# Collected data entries
(* Let $\mathbf A$ be a complete residuated lattice, $I$ a set, and $O\colon A^I\to A^I$ an interior operator satisfying $d^I\cdot O(x)\le O(d^I\cdot x)$ for all $d\in A$ and $x\in A^I$. Then there exist a set $J$ and a fuzzy relation $R\colon I\times J\to A$ such that $O(x)=\rho_R(\phi_R(x))$ for all $x\in A^I$. (One may take $J=\{O(a)\mid a\in A^I\}$ and $R(i,O(a))=O(a)(i)$.)
   Context: A residuated lattice is an algebra $\mathbf A=(A;\vee,\wedge,\cdot,\rightarrow,0,1)$ such that $(A;\vee,\wedge,0,1)$ is a bounded lattice, $(A;\cdot,1)$ is a commutative monoid, and $x\cdot y\le z$ iff $x\le y\rightarrow z$; complete if the lattice reduct is complete. $A^K$ carries componentwise operations and order; $d^K$ is the constant element with value $d\in A$. An interior operator is a monotone $O$ with $O(x)\le x$ and $O(O(x))=O(x)$. For $R\colon I\times J\to A$: $\phi_R\colon A^I\to A^J$, $\phi_R(x)(j)=\bigwedge_{i\in I}(R(i,j)\rightarrow x(i))$; $\rho_R\colon A^J\to A^I$, $\rho_R(y)(i)=\bigvee_{j\in J}(R(i,j)\cdot y(j))$. *)

Record CompleteResLattice := {
  carrier :> Type;
  le : carrier -> carrier -> Prop;
  join : carrier -> carrier -> carrier;
  meet : carrier -> carrier -> carrier;
  mul : carrier -> carrier -> carrier;
  res : carrier -> carrier -> carrier;
  zero : carrier;
  one : carrier;
  sup : (carrier -> Prop) -> carrier;
  inf : (carrier -> Prop) -> carrier;
  le_refl : forall x, le x x;
  le_trans : forall x y z, le x y -> le y z -> le x z;
  le_antisym : forall x y, le x y -> le y x -> x = y;
  join_ub_l : forall x y, le x (join x y);
  join_ub_r : forall x y, le y (join x y);
  join_least : forall x y z, le x z -> le y z -> le (join x y) z;
  meet_lb_l : forall x y, le (meet x y) x;
  meet_lb_r : forall x y, le (meet x y) y;
  meet_greatest : forall x y z, le z x -> le z y -> le z (meet x y);
  zero_least : forall x, le zero x;
  one_greatest : forall x, le x one;
  mul_assoc : forall x y z, mul x (mul y z) = mul (mul x y) z;
  mul_comm : forall x y, mul x y = mul y x;
  mul_one : forall x, mul x one = x;
  residuation : forall x y z, le (mul x y) z <-> le x (res y z);
  sup_ub : forall (S : carrier -> Prop) x, S x -> le x (sup S);
  sup_least : forall (S : carrier -> Prop) z,
      (forall x, S x -> le x z) -> le (sup S) z;
  inf_lb : forall (S : carrier -> Prop) x, S x -> le (inf S) x;
  inf_greatest : forall (S : carrier -> Prop) z,
      (forall x, S x -> le z x) -> le z (inf S)
}.

Arguments le {c} _ _.
Arguments mul {c} _ _.
Arguments res {c} _ _.
Arguments sup {c} _.
Arguments inf {c} _.

Definition bigsup {A : CompleteResLattice} {T : Type} (f : T -> A) : A :=
  sup (fun a => exists t, a = f t).
Definition biginf {A : CompleteResLattice} {T : Type} (f : T -> A) : A :=
  inf (fun a => exists t, a = f t).

Definition le_fun {A : CompleteResLattice} {I : Type} (x y : I -> A) : Prop :=
  forall i, le (x i) (y i).
Definition const {A : CompleteResLattice} (I : Type) (d : A) : I -> A :=
  fun _ => d.
Definition mul_fun {A : CompleteResLattice} {I : Type} (x y : I -> A) : I -> A :=
  fun i => mul (x i) (y i).

Definition interior_operator {A : CompleteResLattice} {I : Type}
  (O : (I -> A) -> (I -> A)) : Prop :=
  (forall x y, le_fun x y -> le_fun (O x) (O y)) /\
  (forall x, le_fun (O x) x) /\
  (forall x, O (O x) = O x).

Definition phi {A : CompleteResLattice} {I J : Type} (R : I -> J -> A)
  (x : I -> A) : J -> A :=
  fun j => biginf (fun i => res (R i j) (x i)).
Definition rho {A : CompleteResLattice} {I J : Type} (R : I -> J -> A)
  (y : J -> A) : I -> A :=
  fun i => bigsup (fun j => mul (R i j) (y j)).

From Stdlib Require Import FunctionalExtensionality.

(* Take J := A^I and R(i, a) := O a i.  Then phi_R x a is the subsethood degree
   S(O a, x) := /\_i (O a i -> x i), and rho_R (phi_R x) i = \/_a O a i * S(O a, x).
   The term a = x already gives O x i, since O x <= x forces S(O x, x) = 1.
   Conversely d := S(O a, x) satisfies d * O a <= x, so by idempotence and the
   hypothesis on constants d * O a = d * O (O a) <= O (d * O a) <= O x. *)

Section ResiduatedLattice.

Variable A : CompleteResLattice.

Lemma mul_mono_l (a b c : A) : le b c -> le (mul b a) (mul c a).
Proof.
  intro Hbc. apply residuation, le_trans with c; [exact Hbc|].
  apply residuation, le_refl.
Qed.

Lemma mul_mono_r (a b c : A) : le b c -> le (mul a b) (mul a c).
Proof.
  intro Hbc. rewrite (mul_comm A a b), (mul_comm A a c). now apply mul_mono_l.
Qed.

Lemma mul_one_l (a : A) : mul (one A) a = a.
Proof. now rewrite mul_comm, mul_one. Qed.

Lemma bigsup_ub {T : Type} (f : T -> A) (t : T) : le (f t) (bigsup f).
Proof. apply sup_ub. now exists t. Qed.

Lemma bigsup_least {T : Type} (f : T -> A) (z : A) :
  (forall t, le (f t) z) -> le (bigsup f) z.
Proof. intro Hf. apply sup_least. intros a [t ->]. apply Hf. Qed.

Lemma biginf_lb {T : Type} (f : T -> A) (t : T) : le (biginf f) (f t).
Proof. apply inf_lb. now exists t. Qed.

Lemma biginf_greatest {T : Type} (f : T -> A) (z : A) :
  (forall t, le z (f t)) -> le z (biginf f).
Proof. intro Hf. apply inf_greatest. intros a [t ->]. apply Hf. Qed.

Definition subsethood {I : Type} (x y : I -> A) : A :=
  biginf (fun i => res (x i) (y i)).

Lemma subsethood_one {I : Type} (x y : I -> A) :
  le_fun x y -> le (one A) (subsethood x y).
Proof.
  intro Hxy. apply biginf_greatest. intro i.
  apply residuation. rewrite mul_one_l. apply Hxy.
Qed.

Lemma mul_subsethood_le {I : Type} (x y : I -> A) :
  le_fun (mul_fun (const I (subsethood x y)) x) y.
Proof.
  intro i. apply residuation.
  exact (biginf_lb (fun k => res (x k) (y k)) i).
Qed.

End ResiduatedLattice.

Arguments subsethood {A I} x y.

Section Representation.

Variables (A : CompleteResLattice) (I : Type) (O : (I -> A) -> (I -> A)).

Hypothesis O_mono : forall x y, le_fun x y -> le_fun (O x) (O y).
Hypothesis O_contractive : forall x, le_fun (O x) x.
Hypothesis O_idem : forall x, O (O x) = O x.
Hypothesis O_mul_const : forall (d : A) (x : I -> A),
  le_fun (mul_fun (const I d) (O x)) (O (mul_fun (const I d) x)).

Definition interior_relation (i : I) (a : I -> A) : A := O a i.

Lemma le_rho_phi_interior (x : I -> A) :
  le_fun (O x) (rho interior_relation (phi interior_relation x)).
Proof.
  intro i. eapply le_trans; [|apply (bigsup_ub _ _ x)].
  apply le_trans with (mul (O x i) (one A)); [rewrite mul_one; apply le_refl|].
  apply mul_mono_r, subsethood_one, O_contractive.
Qed.

Lemma rho_phi_interior_le (x : I -> A) :
  le_fun (rho interior_relation (phi interior_relation x)) (O x).
Proof.
  intro i. apply bigsup_least. intro a.
  set (d := subsethood (O a) x).
  change (le (mul (O a i) d) (O x i)). rewrite mul_comm.
  pose proof (O_mul_const d (O a) i) as Hd. unfold mul_fun, const in Hd.
  rewrite O_idem in Hd.
  apply le_trans with (1 := Hd), O_mono, mul_subsethood_le.
Qed.

Lemma interior_rho_phi (x : I -> A) :
  O x = rho interior_relation (phi interior_relation x).
Proof.
  apply functional_extensionality. intro i.
  apply le_antisym; [apply le_rho_phi_interior | apply rho_phi_interior_le].
Qed.

End Representation.

Theorem theorem4 (A : CompleteResLattice) (I : Type)
  (O : (I -> A) -> (I -> A))
  (HO : interior_operator O)
  (Hd : forall (d : A) (x : I -> A),
      le_fun (mul_fun (const I d) (O x)) (O (mul_fun (const I d) x))) :
  exists (J : Type) (R : I -> J -> A),
    forall x : I -> A, O x = rho R (phi R x).
Proof.
  destruct HO as [O_mono [O_contractive O_idem]].
  exists (I -> A), (interior_relation A I O).
  exact (interior_rho_phi A I O O_mono O_contractive O_idem Hd).
Qed.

# Problem statement
Pull out all lines of the data with the string "Then".

# Your solution
(* Let $\mathbf A$ be a complete residuated lattice, $I$ a set, and $O\colon A^I\to A^I$ an interior operator satisfying $d^I\cdot O(x)\le O(d^I\cdot x)$ for all $d\in A$ and $x\in A^I$. Then there exist a set $J$ and a fuzzy relation $R\colon I\times J\to A$ such that $O(x)=\rho_R(\phi_R(x))$ for all $x\in A^I$. (One may take $J=\{O(a)\mid a\in A^I\}$ and $R(i,O(a))=O(a)(i)$.)
(* Take J := A^I and R(i, a) := O a i.  Then phi_R x a is the subsethood degree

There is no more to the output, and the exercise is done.